Why were these three tumor types chosen?

Dr. Barker: We selected cancer types that were scientifically and technically appropriate to build TCGA and prepare the teams to analyze other tumors in the future. We also needed to locate and qualify existing biospecimen collections that were of high quality and sufficient quantity to meet the needs of the project. To accomplish these complex goals, we developed a rigorous, three-part selection process that allowed us to make the final selections.

Mr. Ulman: I think it's important for cancer patients to know that, while the cancers to be studied by this project come from existing biorepositories, samples to be studied will eventually be prospectively collected in clinical trials. Participating in clinical trials that meet TCGA criteria will be an excellent way to support the expansion of TCGA.

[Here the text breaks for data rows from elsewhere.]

Lemma ground_head_atom {F Pr : Type} {P : program F Pr} {g A} :
  Ground P g -> In A (head g) -> ground_atom A.
Proof.
  intros [r [s [_ [Hs ->]]]] HA. simpl in HA.
  apply in_map_iff in HA as [a [<- _]].
  apply Forall_forall. intros t Ht. simpl in Ht.
  apply in_map_iff in Ht as [u [<- _]]. apply ground_term_subst, Hs.
Qed.

Section Modules.
Context {F Pr : Type} (P : program F Pr) (p : nat -> atom F Pr).

Definition deps (i : nat) (A : atom F Pr) : Prop := exists j, j <= i /\ depends P (p j) A.

Lemma deps_mono i k A : i <= k -> deps i A -> deps k A.
Proof. intros Hik [j [Hj Hd]]. exists j; split; [lia|exact Hd]. Qed.

Lemma module_deps i g B : module P p i g -> occurs_in B g -> deps i B.
Proof.
  intros [Hg [j [Hj [A [HA Hd]]]]] HB. exists j; split; [exact Hj|].
  apply rt_trans with A; [exact Hd|]. apply rt_step. exists g; auto.
Qed.

Lemma module_of_head i g A : Ground P g -> In A (head g) -> deps i A -> module P p i g.
Proof. intros Hg HA [j [Hj Hd]]. split; [exact Hg|]. exists j; split; [exact Hj|eauto]. Qed.

Lemma bottom_module i k : i <= k -> bottom (module P p k) (deps i) = module P p i.
Proof.
  intro Hik. apply pred_ext; intro g. split.
  - intros [[Hg _] [A [HA HD]]]. exact (module_of_head i g A Hg HA HD).
  - intros [Hg [j [Hj [A [HA Hd]]]]]. split.
    + split; [exact Hg|]. exists j; split; [lia|eauto].
    + exists A; split; [exact HA|]. exists j; auto.
Qed.

Lemma stable_module_restrict i k M :
  i <= k -> stable_model_ground (module P p k) M ->
  stable_model_ground (module P p i) (restrict (deps i) M).
Proof.
  intros Hik HM. rewrite <- (bottom_module i k Hik).
  apply stable_model_bottom; [|exact HM].
  intros g B [[Hg _] [A [HA HD]]]. apply module_deps, (module_of_head i g A Hg HA HD).
Qed.

Lemma deps_finite :
  finitely_recursive P -> (forall j, GH P (p j)) ->
  forall i, exists l, forall A, deps i A -> In A l.
Proof.
  intros FR Hp.
  assert (Hfin : forall j, exists l, forall A, depends P (p j) A -> In A l).
  { intro j. apply FR. destruct (Hp j) as [g [Hg HA]]. exact (ground_head_atom Hg HA). }
  induction i as [|i [l IH]].
  - destruct (Hfin 0) as [l Hl]. exists l. intros A [j [Hj Hd]].
    replace j with 0 in Hd by lia. exact (Hl A Hd).
  - destruct (Hfin (S i)) as [l' Hl']. exists (l ++ l'). intros A [j [Hj Hd]].
    apply in_or_app. destruct (PeanoNat.Nat.eq_dec j (S i)) as [->|Hne].
    + right; exact (Hl' A Hd).
    + left; apply IH. exists j; split; [lia|exact Hd].
Qed.

Lemma module_cover :
  well_formed P -> (forall A, GH P A -> exists i, p i = A) ->
  forall g, Ground P g -> exists i, module P p i g.
Proof.
  intros WF Hp g Hg.
  assert (Hhead : exists A, In A (head g)).
  { destruct Hg as [r [s [Hr [_ ->]]]].
    destruct (head r) as [|A hs] eqn:E; [destruct (WF r Hr E)|].
    exists (subst_atom s A). simpl. rewrite E. left; reflexivity. }
  destruct Hhead as [A HA]. destruct (Hp A (ex_intro _ g (conj Hg HA))) as [i Hi].
  exists i. apply (module_of_head i g A Hg HA). exists i. split; [lia|].
  rewrite Hi. apply rt_refl.
Qed.

End Modules.

Theorem theorem4p1 (F Pr : Type) (P : program F Pr) :
  well_formed P ->
  finitely_recursive P ->
  (exists p : nat -> atom F Pr,
      enumerates_GH P p /\ consistent_module_sequence P p) ->
  consistent P.
Proof.
  intros WF FR [p [[Hp_GH Hp_onto] CS]].
  destruct (koenig_limit (deps P p) (fun i => stable_model_ground (module P p i)))
    as [M [HMcov HMloc]].
  - intros i k A. apply deps_mono.
  - exact (deps_finite P p FR Hp_GH).
  - exact CS.
  - intros i k M. apply stable_module_restrict.
  - exists M. apply (stable_model_of_local (Ground P) (module P p) (deps P p) M).
    + intros i g [Hg _]. exact Hg.
    + exact (module_cover P p WF Hp_onto).
    + intros i g B. apply module_deps.
    + exact HMcov.
    + exact HMloc.
Qed.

How will studying these cancers help patients with other cancers?

Dr. Barker: This pilot phase has been designed to study a few cancer types that hold the most promise for helping researchers understand how to design and conduct future studies on a wide range of tumors. TCGA will support the development of new technologies aimed at overcoming the current limitations in genomic analysis and bioinformatics technologies. Another goal is to develop data analysis tools that will allow clinicians to use this new molecular information to better understand subtle differences between subtypes of certain cancer, how tumors develop and progress, and why some cancers respond to certain treatments and not others.

Mr. Ulman: By focusing first on the cancers that will be studied in the pilot phase of TCGA, we expect that researchers will begin to understand how genomic changes at the molecular level may impact all types of cancer. These findings will eventually help to find new ways to target therapies and improve outcomes for all cancer patients.

How will TCGA affect diagnosis and treatment of cancer patients?

Dr. Barker: Achieving the long-term goal of TCGA will benefit patients by enabling the discovery and development of the molecular biomarkers needed to develop targeted interventions to stratify patients for clinical trials, monitor patients on therapy, and define and develop new molecular targets. Discoveries in cancer genomics already have helped identify several new treatments that target cancer-related molecules. For example, Gleevec effectively treats chronic myelogenous leukemia, gastrointestinal stromal tumors, and several other cancers. Another product of cancer genomics research, Herceptin, effectively treats about 20 percent of breast cancers that capitalize on a specific genetic anomaly.

Mr. Ulman: Understanding the genetic changes that cause the uncontrolled cell growth that characterizes cancer will enable researchers and clinicians to develop new diagnostic techniques and targeted therapies, leading to improved outcomes for all cancer patients and, eventually, cancer prevention.